Architectural Constraints for Version Control:

You must force the agent to write code like a senior open-source contributor.

Atomic Commits: "You must commit your work incrementally. Do not wait until the entire feature is built. Commit the backend controller first, then commit the unit tests, then commit the frontend component."
Conventional Commits: Force Claude to use the industry-standard Conventional Commits format. "Every commit message must follow this schema:type(scope): description. Valid types are feat, fix, docs, style, refactor, test, chore."
The Traceability Hook: "The footer of the commit message MUST contain the Rally/Jira ticket ID:Resolves: #REQ-102."

3. The PR Reviewer Agent (Automated Code Review)

The most immediate ROI in SDLC automation is the PR Reviewer Agent. Instead of waiting 24 hours for a senior engineer to review a Pull Request, you hook Claude directly into GitHub Actions.

The Workflow: When a PR is opened, a GitHub Action triggers a Claude API call, passing the raw git diff as the prompt.
The Prompt: "You are a Senior Staff Engineer. Review this PR diff. Check for security vulnerabilities, violation of theCLAUDE.md engineering standards, and Big-O performance bottlenecks. Output your findings as a JSON array of file paths, line numbers, and actionable review comments."
The Execution: A lightweight Node.js/Python script parses Claude's JSON and uses the GitHub API to post the comments directly onto the specific lines of code in the PR interface, blocking the merge until the issues are resolved.

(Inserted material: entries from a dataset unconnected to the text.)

Theorem lemma5p1 (R : realType) (m d p : nat) (hm : (0 < m)%N) (hd : (1 < d)%N)
    (alpha : 'I_(d * m) -> 'I_p) (halpha : forall j : 'I_p, exists i, alpha i = j) :
  let Q := @Q_of R[i] d m p alpha in
  let I := Iset alpha in
  let total := forall x y, x \in I -> y \in I -> cle x y || cle y x in
  (* (a) *)
  (parabolic Q <-> total) /\
  (total ->
   forall (q : nat) (b : 'I_q -> {ffun 'I_d -> 'I_p}), increasing_enum b I ->
     (forall x : 'M[R[i]]_m, Q x <->
        (x \in unitmx /\
         forall j : 'I_q, (j < q.-1)%N -> stabilizes x (flag_beta R[i] alpha b j))) /\
     in_flag_variety (dim_j alpha b) (flag_beta R[i] alpha b) /\
     (forall Fl : 'I_q -> 'M[R[i]]_m, in_flag_variety (dim_j alpha b) Fl ->
        exists g : 'M[R[i]]_m, g \in unitmx /\
          forall j : 'I_q, (j < q.-1)%N -> ((flag_beta R[i] alpha b j *m g^T) == Fl j)%MS)) /\
  (* (b) *)
  (parabolic Q ->
   ((forall x : 'M[R[i]]_m, unip_radical Q x ->
       unip_radical (@stab_alpha R[i] (d * m) p alpha) (blockdiag d x)) <->
    (forall x y, x \in I -> y \in I -> x != y -> forall k : 'I_d, x k != y k))).
Proof.
move=> Q I total_I.
have eQ : Q = @pattern_group R[i] m (beta_le alpha).
  by apply: functional_extensionality => x; apply: propositional_extensionality; apply: Q_ofE.
have eP : @stab_alpha R[i] _ _ alpha = pattern_group (alpha_le alpha).
  by apply: functional_extensionality => x; apply: propositional_extensionality; apply: stab_alphaE.
have parabolic_total : parabolic Q <-> total_I.
  have two_neq0 : (2%:R : R[i]) != 0 by rewrite pnatr_eq0.
  rewrite eQ; apply: iff_trans (total_beta_le alpha).
  exact (parabolic_pattern_group (beta_le_refl alpha) (@beta_le_trans _ _ _ alpha) two_neq0).
split; first exact: parabolic_total.
split=> [_ q b b_enum | /parabolic_total/total_beta_le beta_total].
  split=> [x|].
    by rewrite eQ; split=> -[ux x_le]; split=> //; apply/(beta_le_stabilizes b_enum ux).
  split=> [|Fl Fl_flag]; first exact: flag_beta_in_flag_variety.
  have [g ug g_conj] := flag_variety_transitive (flag_beta_in_flag_variety _ b_enum) Fl_flag.
  exists g^T; rewrite unitmx_tr trmxK; split=> // j jq; exact/eqmxP/g_conj.
have urad_Q x : unip_radical Q x <-> pattern_uradical (beta_le alpha) x.
  rewrite eQ.
  exact (unip_radical_pattern_group x (beta_le_refl alpha) (@beta_le_trans _ _ _ alpha)).
have urad_P (y : 'M[R[i]]_(d * m)) :
    unip_radical (stab_alpha alpha) y <-> pattern_uradical (alpha_le alpha) y.
  rewrite eP.
  exact (unip_radical_pattern_group y (alpha_le_refl alpha) (@alpha_le_trans _ _ _ alpha)).
apply: iff_trans (@blockdiag_pattern_uradical_iff R[i] _ _ _ alpha beta_total).
by split=> incl x /urad_Q/incl/urad_P.
Qed.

4. The Message Batches API (Scaling the Architectures)

If your PR Reviewer Agent analyzes one small PR, a standard synchronous API call works perfectly. But what if you need an agent to audit 10,000 legacy Python files for Python 2 to 3 migration? Or process 5,000 daily user feedback logs?

Executing 10,000 synchronous API calls will instantly hit your enterprise rate limits (Tokens Per Minute/Requests Per Minute) and cause catastrophic pipeline timeouts.

The Solution: Anthropic's Message Batches API

The Message Batches API is an asynchronous architecture designed specifically for massive, non-real-time parallel processing. It allows you to send up to 10,000 independent LLM requests in a single file, which Anthropic processes in the background.

Architectural Advantages:

Rate Limit Bypass: Batch requests do not count against your standard real-time API rate limits.
Massive Cost Reduction: Because Anthropic processes these requests during off-peak compute hours (typically completing within 24 hours), the API costs are discounted by 50%.
Resilience: If one request in the batch fails, the other 9,999 continue processing perfectly.

5. Architecting a Batch Processing Workflow

For tasks like massive repository refactoring or bulk log analysis, architects design a specific pipeline:

Data Preparation (Local): Your application scripts gather the 10,000 files or PR diffs and construct a single .jsonl (JSON Lines) file. Every line is a complete, isolated Anthropic API request payload containing the prompt and the code.
Upload & Initiate: Your system uploads the .jsonl file to Anthropic and calls the POST /v1/messages/batches endpoint.
Asynchronous Polling: Anthropic returns a batch_id. Your CI/CD pipeline or chron job polls the API (e.g., every 30 minutes) to check the batch status (in_progress, ended).
Retrieval & Execution: Once complete, your system downloads the result .jsonl file. It iterates through the responses—perhaps extracting 10,000 refactored code blocks—and programmatically opens automated Pull Requests for the human engineering team to review at their leisure.